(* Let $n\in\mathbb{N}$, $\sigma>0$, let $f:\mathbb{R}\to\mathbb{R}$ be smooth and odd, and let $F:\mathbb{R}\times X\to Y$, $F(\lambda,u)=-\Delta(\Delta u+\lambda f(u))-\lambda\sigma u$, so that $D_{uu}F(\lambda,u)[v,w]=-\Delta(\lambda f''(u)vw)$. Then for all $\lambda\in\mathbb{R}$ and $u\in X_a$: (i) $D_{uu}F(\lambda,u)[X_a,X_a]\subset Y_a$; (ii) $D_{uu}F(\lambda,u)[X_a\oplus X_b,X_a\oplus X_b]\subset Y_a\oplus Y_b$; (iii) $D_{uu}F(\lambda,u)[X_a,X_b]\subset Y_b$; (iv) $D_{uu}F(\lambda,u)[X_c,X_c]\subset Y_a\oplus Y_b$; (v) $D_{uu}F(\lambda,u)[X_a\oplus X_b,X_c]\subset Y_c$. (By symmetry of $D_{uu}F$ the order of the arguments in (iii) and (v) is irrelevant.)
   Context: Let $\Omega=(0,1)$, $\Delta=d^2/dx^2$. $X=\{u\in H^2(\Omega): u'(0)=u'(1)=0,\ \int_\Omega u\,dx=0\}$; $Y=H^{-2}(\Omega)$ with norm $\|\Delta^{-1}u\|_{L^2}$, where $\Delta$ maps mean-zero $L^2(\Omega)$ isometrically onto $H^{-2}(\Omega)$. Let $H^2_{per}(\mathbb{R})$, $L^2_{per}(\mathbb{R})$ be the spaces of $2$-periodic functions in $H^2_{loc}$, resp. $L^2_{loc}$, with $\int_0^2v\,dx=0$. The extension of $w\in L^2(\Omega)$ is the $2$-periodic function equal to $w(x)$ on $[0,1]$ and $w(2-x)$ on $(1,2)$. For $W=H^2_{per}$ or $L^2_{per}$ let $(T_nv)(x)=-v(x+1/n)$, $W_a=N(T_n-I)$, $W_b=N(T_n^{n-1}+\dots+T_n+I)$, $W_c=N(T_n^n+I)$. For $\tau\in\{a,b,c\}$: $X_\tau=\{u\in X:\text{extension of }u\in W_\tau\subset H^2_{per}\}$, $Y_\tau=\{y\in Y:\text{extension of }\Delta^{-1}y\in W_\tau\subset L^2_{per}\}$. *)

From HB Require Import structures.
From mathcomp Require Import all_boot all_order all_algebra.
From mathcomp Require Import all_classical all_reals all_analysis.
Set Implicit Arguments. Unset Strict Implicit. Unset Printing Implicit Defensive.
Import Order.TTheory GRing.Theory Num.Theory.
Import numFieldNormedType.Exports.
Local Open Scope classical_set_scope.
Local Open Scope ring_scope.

--

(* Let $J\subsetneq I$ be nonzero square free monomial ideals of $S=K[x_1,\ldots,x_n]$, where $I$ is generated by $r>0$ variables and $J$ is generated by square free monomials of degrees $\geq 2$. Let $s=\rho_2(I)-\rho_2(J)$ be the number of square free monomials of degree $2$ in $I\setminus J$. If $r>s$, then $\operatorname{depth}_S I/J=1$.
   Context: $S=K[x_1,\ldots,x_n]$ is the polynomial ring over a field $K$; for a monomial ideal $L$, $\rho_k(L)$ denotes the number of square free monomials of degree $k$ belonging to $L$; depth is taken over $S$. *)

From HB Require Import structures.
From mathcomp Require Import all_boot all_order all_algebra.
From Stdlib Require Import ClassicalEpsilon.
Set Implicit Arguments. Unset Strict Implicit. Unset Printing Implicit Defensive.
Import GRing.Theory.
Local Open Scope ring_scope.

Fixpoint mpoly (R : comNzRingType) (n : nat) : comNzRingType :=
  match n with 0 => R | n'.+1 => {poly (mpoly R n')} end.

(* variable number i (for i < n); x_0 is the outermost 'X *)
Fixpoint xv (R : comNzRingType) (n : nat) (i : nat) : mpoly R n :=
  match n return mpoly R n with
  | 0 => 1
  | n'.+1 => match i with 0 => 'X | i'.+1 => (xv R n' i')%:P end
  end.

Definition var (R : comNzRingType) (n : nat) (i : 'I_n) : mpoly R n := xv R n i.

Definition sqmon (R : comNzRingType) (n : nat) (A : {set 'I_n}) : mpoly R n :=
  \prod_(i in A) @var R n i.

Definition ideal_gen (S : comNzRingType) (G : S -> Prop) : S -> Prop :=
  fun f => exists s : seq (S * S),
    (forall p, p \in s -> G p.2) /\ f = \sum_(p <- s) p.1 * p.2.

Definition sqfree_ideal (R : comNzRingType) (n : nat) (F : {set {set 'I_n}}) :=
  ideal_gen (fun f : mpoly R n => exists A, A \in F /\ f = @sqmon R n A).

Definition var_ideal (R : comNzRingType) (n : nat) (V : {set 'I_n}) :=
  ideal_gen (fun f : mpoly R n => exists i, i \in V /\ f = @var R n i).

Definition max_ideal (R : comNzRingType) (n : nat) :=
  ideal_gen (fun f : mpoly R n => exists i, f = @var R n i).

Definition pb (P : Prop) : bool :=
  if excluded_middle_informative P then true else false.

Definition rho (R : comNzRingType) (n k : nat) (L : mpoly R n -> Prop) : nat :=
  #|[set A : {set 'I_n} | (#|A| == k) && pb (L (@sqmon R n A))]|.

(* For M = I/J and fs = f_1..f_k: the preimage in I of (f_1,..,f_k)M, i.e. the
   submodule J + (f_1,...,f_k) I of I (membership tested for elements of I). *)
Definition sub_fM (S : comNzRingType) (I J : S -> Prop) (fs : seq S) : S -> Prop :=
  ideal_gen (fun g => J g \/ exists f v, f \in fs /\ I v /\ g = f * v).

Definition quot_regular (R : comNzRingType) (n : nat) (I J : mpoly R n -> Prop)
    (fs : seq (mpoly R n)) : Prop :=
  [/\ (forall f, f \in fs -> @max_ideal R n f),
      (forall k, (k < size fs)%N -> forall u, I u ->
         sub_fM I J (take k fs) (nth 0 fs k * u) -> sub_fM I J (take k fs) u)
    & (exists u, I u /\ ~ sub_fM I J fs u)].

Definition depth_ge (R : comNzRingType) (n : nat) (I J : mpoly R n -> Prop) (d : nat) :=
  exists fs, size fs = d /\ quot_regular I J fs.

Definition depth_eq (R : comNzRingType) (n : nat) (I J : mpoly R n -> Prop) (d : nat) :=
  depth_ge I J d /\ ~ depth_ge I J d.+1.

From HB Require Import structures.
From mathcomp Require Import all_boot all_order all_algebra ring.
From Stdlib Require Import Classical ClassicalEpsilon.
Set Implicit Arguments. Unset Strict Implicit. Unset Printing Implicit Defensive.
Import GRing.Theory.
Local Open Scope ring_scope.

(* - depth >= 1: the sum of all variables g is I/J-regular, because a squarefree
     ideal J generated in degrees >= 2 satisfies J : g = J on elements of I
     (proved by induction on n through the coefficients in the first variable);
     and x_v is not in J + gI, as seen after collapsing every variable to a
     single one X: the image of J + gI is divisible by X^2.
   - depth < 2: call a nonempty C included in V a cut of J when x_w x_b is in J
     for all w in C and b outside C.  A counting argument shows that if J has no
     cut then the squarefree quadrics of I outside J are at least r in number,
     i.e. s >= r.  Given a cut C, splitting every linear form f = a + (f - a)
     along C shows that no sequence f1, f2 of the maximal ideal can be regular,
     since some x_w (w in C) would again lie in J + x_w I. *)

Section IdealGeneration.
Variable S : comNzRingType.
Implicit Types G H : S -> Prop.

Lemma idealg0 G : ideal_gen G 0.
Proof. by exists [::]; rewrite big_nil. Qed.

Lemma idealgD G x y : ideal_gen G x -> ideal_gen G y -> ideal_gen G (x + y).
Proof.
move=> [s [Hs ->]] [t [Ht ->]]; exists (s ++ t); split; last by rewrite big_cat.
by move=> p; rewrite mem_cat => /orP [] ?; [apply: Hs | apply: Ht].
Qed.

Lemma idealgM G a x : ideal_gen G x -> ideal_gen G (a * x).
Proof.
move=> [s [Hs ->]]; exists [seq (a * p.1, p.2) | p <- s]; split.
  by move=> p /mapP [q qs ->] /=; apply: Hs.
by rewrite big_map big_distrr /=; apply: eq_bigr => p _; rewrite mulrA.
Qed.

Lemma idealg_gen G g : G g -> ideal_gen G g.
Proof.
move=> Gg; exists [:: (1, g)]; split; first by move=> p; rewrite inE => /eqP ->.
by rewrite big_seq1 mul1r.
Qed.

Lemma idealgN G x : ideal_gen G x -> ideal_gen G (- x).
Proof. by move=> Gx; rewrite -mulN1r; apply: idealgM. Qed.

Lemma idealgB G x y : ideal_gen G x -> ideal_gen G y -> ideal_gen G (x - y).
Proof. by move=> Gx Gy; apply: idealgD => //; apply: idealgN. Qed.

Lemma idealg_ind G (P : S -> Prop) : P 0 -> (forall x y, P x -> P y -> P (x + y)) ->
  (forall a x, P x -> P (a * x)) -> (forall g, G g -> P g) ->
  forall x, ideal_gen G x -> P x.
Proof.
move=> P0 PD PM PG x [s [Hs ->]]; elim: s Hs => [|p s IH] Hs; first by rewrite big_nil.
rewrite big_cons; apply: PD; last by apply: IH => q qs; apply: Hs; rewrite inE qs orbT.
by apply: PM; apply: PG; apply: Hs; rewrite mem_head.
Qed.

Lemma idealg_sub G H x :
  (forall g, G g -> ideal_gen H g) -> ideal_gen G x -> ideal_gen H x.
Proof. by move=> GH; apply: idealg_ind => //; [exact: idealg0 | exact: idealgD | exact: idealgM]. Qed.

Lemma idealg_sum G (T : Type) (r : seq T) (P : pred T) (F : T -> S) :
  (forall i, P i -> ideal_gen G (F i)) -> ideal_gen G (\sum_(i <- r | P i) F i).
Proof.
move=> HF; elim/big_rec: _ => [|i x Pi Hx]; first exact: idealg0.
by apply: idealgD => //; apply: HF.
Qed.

...

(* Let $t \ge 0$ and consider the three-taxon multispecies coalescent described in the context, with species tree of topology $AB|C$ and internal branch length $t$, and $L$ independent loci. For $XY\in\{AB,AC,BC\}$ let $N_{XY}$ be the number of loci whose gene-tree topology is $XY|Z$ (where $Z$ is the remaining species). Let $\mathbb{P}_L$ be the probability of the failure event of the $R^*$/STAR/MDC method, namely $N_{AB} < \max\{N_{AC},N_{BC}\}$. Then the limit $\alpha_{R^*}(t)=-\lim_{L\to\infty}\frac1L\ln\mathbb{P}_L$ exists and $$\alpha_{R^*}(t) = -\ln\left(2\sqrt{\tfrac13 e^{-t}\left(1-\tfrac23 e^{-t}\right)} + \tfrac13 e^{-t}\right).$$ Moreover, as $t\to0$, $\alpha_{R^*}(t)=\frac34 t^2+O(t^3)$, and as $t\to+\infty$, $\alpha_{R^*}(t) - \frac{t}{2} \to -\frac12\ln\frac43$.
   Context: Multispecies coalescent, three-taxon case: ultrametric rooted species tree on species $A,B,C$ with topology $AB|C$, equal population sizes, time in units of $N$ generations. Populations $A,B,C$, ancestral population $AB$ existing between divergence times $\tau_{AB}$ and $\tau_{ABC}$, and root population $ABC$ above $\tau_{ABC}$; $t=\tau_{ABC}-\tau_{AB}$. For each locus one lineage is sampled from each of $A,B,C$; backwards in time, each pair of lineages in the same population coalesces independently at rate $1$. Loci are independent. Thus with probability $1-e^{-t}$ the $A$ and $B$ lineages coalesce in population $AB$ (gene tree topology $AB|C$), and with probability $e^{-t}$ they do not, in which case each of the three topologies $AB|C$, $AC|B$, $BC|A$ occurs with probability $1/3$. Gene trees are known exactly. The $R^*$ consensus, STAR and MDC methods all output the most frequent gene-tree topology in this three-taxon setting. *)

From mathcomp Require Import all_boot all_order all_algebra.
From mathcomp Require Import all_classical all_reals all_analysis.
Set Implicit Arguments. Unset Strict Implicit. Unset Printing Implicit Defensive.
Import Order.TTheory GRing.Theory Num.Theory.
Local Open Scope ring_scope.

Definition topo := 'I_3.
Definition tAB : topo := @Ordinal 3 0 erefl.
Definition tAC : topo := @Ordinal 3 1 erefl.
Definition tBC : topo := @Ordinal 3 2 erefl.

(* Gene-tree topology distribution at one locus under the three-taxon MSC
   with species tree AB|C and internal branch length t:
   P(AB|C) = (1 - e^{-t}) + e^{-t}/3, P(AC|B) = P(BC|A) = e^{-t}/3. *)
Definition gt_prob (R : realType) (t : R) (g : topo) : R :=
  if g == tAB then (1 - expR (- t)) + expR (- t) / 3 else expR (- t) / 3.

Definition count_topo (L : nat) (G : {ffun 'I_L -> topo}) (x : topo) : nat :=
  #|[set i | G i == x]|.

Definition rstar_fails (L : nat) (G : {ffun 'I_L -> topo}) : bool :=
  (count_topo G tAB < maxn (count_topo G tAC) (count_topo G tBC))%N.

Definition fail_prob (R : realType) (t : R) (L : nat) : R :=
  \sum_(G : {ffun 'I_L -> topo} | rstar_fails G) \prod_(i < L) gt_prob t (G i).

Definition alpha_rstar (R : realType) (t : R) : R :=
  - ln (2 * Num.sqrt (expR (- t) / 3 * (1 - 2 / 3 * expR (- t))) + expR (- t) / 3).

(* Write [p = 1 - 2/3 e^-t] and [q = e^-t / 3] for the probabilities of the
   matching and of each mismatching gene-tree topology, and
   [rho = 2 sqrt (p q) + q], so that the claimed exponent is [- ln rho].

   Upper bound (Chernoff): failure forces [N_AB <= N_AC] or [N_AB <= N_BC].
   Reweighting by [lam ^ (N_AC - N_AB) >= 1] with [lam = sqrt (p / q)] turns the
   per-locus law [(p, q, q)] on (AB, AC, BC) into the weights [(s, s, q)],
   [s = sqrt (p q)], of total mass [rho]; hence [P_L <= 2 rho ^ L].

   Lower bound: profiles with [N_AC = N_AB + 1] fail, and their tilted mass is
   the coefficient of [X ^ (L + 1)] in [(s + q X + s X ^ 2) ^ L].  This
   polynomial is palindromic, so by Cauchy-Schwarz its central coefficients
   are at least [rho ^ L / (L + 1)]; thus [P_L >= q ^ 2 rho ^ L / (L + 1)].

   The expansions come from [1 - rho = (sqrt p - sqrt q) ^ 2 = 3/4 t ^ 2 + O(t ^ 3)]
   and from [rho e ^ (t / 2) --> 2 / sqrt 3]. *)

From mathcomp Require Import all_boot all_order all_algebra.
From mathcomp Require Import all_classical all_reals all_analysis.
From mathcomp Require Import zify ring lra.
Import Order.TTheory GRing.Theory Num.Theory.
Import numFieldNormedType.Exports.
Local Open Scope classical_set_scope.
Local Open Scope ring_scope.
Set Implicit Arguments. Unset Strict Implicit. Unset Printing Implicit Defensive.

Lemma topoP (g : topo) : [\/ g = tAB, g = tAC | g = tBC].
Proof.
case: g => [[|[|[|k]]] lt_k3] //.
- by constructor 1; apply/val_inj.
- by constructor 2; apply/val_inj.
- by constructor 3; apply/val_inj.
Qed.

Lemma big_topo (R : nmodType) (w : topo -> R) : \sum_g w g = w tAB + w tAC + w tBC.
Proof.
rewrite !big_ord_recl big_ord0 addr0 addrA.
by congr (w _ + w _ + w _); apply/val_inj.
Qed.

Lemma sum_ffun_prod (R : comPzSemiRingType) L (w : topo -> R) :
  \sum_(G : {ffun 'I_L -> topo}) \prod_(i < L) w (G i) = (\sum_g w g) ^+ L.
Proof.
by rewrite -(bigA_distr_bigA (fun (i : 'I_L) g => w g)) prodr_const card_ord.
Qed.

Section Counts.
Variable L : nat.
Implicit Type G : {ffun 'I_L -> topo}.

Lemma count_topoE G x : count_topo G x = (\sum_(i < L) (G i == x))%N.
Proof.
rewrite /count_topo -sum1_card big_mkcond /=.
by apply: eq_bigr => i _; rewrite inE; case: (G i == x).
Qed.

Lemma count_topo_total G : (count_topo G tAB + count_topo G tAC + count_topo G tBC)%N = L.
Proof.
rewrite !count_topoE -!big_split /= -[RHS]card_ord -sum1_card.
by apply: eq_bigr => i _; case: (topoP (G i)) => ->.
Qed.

(What the task asks) Within the material above, find every line containing the word "idealgN" and copy it.

(Solution to the exercise)
Lemma idealgN G x : ideal_gen G x -> ideal_gen G (- x).
Proof. by move=> Gx Gy; apply: idealgD => //; apply: idealgN. Qed.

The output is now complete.